(Dataset items)
Lemma sum_prefix_probS (k : 'I_H) (phi : traj -> R) : determined_before k phi ->
  #|S|%:R * #|A|%:R * \sum_tau prefix_prob k.+1 tau * phi tau
  = \sum_tau prefix_prob k tau * phi tau.
Proof.
move=> /(_ k (leqnn k)) [phi_state phi_act].
have next_neq (j : 'I_H) : (j <= k)%N -> lift ord0 k != j :> nat.
  by move=> jk; rewrite lift0 neq_ltn ltnS jk orbT.
have -> : \sum_tau prefix_prob k.+1 tau * phi tau =
    \sum_tau (prefix_prob k tau * mu k (st tau k) (act tau k) * phi tau) *
      P k (st tau k) (act tau k) (tau.1 (lift ord0 k)).
  by apply: eq_bigr => tau _; rewrite prefix_probS /step_prob /nxt; ring.
rewrite (mulrC #|S|%:R) -mulrA (sum_set_state (lift ord0 k) _
  (fun tau x => P k (st tau k) (act tau k) x)); first last.
- by move=> tau x y; rewrite st_set_state ?next_neq.
- move=> tau x; rewrite prefix_prob_set_state ?phi_state ?st_set_state ?next_neq //.
under eq_bigr do rewrite P_sum1 mulr1 mulrAC.
rewrite (sum_set_act k _ (fun tau y => mu k (st tau k) y)) //; last first.
  by move=> tau y; rewrite prefix_prob_set_act ?phi_act.
by under eq_bigr do rewrite mu_sum1 mulr1.
Qed.

Lemma sum_traj_prob_determined (k n : nat) (phi : traj -> R) :
  (k + n = H)%N -> determined_before k phi ->
  (#|S|%:R * #|A|%:R) ^+ n * \sum_tau traj_prob d1 mu P tau * phi tau
  = \sum_tau prefix_prob k tau * phi tau.
Proof.
elim: n k => [|n IH] k kn phi_det.
  rewrite expr0 mul1r addn0 in kn *; rewrite kn.
  by apply: eq_bigr => tau _; rewrite prefix_prob_H.
have kH : (k < H)%N by rewrite -kn addnS ltnS leq_addr.
rewrite exprS -mulrA (IH k.+1) ?addSnnS //; last first.
  by move=> j kj; apply: phi_det; apply: ltnW.
exact: (sum_prefix_probS (Ordinal kH)).
Qed.

Lemma sum_traj_prob : \sum_tau traj_prob d1 mu P tau = 1.
Proof.
have S_gt0 := card_gt0_sum1 d1_sum1.
have SA_gt0 : (0 < (#|S|%:R * #|A|%:R) ^+ H :> R).
  case: (posnP H) => [->|H_gt0]; first by rewrite expr0.
  have [s0 _] := card_gt0P S_gt0.
  have A_gt0 := card_gt0_sum1 (mu_sum1 (Ordinal H_gt0) s0).
  by rewrite exprn_gt0 // mulr_gt0 // ltr0n.
have := @sum_traj_prob_determined 0 H (fun=> 1) (add0n H)
  (fun j _ => conj (fun _ _ => erefl) (fun _ _ => erefl)).
have -> : \sum_tau prefix_prob 0 tau * 1 =
    \sum_(tau : traj) 1 * (fun _ x => d1 x) tau (tau.1 ord0).
  by apply: eq_bigr => tau _; rewrite /prefix_prob big_pred0 // !mulr1 mul1r.
move=> mass; have card_neq0 : (#|S|%:R * (#|S|%:R * #|A|%:R) ^+ H : R) != 0.
  by rewrite mulf_neq0 // ?gt_eqF // ltr0n.
apply: (mulfI card_neq0); rewrite mulr1 -mulrA.
under eq_bigr do rewrite -[traj_prob _ _ _ _]mulr1.
rewrite mass (sum_set_state ord0 (fun=> 1) (fun _ x => d1 x)) //.
under eq_bigr do rewrite d1_sum1 mulr1.
rewrite sumr_const card_prod !card_ffun !card_ord.
by rewrite natrM !natrX exprMn exprS mulrA.
Qed.

Definition visit_at (t : 'I_H) (s : S) (a : A) (tau : traj) : bool :=
  (st tau t == s) && (act tau t == a).

Lemma sum_visit_scaled (t : 'I_H) (s : S) (a : A) (g : S -> R) :
  #|S|%:R * (#|S|%:R * #|A|%:R) ^+ (H - t.+1) *
    \sum_tau traj_prob d1 mu P tau * (if visit_at t s a tau then g (nxt tau t) else 0)
  = wmean (P t s a) g *
    \sum_tau prefix_prob t tau * (if visit_at t s a tau then mu t s a else 0).
Proof.
have visit_state tau (j : 'I_H) x : (t <= j)%N ->
    visit_at t s a (set_state tau (lift ord0 j) x) = visit_at t s a tau.
  by move=> tj; rewrite /visit_at st_set_state // lift0 neq_ltn ltnS tj orbT.
rewrite -mulrA (@sum_traj_prob_determined t.+1 (H - t.+1)); first last.
- move=> j tj; split => tau x.
    rewrite visit_state ?nxt_set_state ?(ltnW tj) //.
    by rewrite lift0 eqSS neq_ltn tj orbT.
  rewrite /visit_at act_set_act //.
  by apply: contraTneq tj => ->; rewrite ltnn.
- by rewrite subnKC.
have -> : \sum_tau prefix_prob t.+1 tau *
      (if visit_at t s a tau then g (nxt tau t) else 0) =
    \sum_tau (prefix_prob t tau * (if visit_at t s a tau then mu t s a else 0)) *
      (fun _ x => P t s a x * g x) tau (tau.1 (lift ord0 t)).
  apply: eq_bigr => tau _; rewrite prefix_probS /step_prob /visit_at /nxt.
  by case: ifP => [/andP[/eqP-> /eqP->]|_]; [ring | rewrite !(mulr0, mul0r)].
rewrite (sum_set_state (lift ord0 t) _ (fun _ x => P t s a x * g x)) //; last first.
  by move=> tau x; rewrite prefix_prob_set_state ?visit_state // lift0.
by rewrite -mulr_suml mulrC.
Qed.

Lemma sum_traj_prob_visit (t : 'I_H) (s : S) (a : A) (g : S -> R) :
  \sum_tau traj_prob d1 mu P tau * (if visit_at t s a tau then g (nxt tau t) else 0)
  = occupancy d1 mu P t s a * wmean (P t s a) g.
Proof.
have K_neq0 : (#|S|%:R * (#|S|%:R * #|A|%:R) ^+ (H - t.+1) : R) != 0.
  have S_gt0 : (0 < #|S|)%N by apply/card_gt0P; exists s.
  have A_gt0 : (0 < #|A|)%N by apply/card_gt0P; exists a.
  by rewrite mulf_neq0 ?expf_neq0 ?mulf_neq0 // pnatr_eq0 -lt0n.
apply: (mulfI K_neq0); rewrite sum_visit_scaled.
have -> : occupancy d1 mu P t s a = \sum_tau traj_prob d1 mu P tau *
    (if visit_at t s a tau then (fun=> 1) (nxt tau t) else 0).
  rewrite /occupancy big_mkcond /=; apply: eq_bigr => tau _; rewrite /visit_at.
  by case: ifP; rewrite ?mulr1 ?mulr0.
rewrite mulrA (sum_visit_scaled t s a (fun=> 1)) (wmean_cst (P_sum1 t s a)).
by rewrite mul1r mulrC.
Qed.

End Trajectories.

• **Work item**
Within the data above, the span starting at the line containing "#|S|%:R * #|A|%:R * \sum_tau" and ending at the line containing "(fun tau x =>" is to be retyped exactly, with no other lines.

• **Answer**
  #|S|%:R * #|A|%:R * \sum_tau prefix_prob k.+1 tau * phi tau
  = \sum_tau prefix_prob k tau * phi tau.
Proof.
move=> /(_ k (leqnn k)) [phi_state phi_act].
have next_neq (j : 'I_H) : (j <= k)%N -> lift ord0 k != j :> nat.
  by move=> jk; rewrite lift0 neq_ltn ltnS jk orbT.
have -> : \sum_tau prefix_prob k.+1 tau * phi tau =
    \sum_tau (prefix_prob k tau * mu k (st tau k) (act tau k) * phi tau) *
      P k (st tau k) (act tau k) (tau.1 (lift ord0 k)).
  by apply: eq_bigr => tau _; rewrite prefix_probS /step_prob /nxt; ring.
rewrite (mulrC #|S|%:R) -mulrA (sum_set_state (lift ord0 k) _
  (fun tau x => P k (st tau k) (act tau k) x)); first last.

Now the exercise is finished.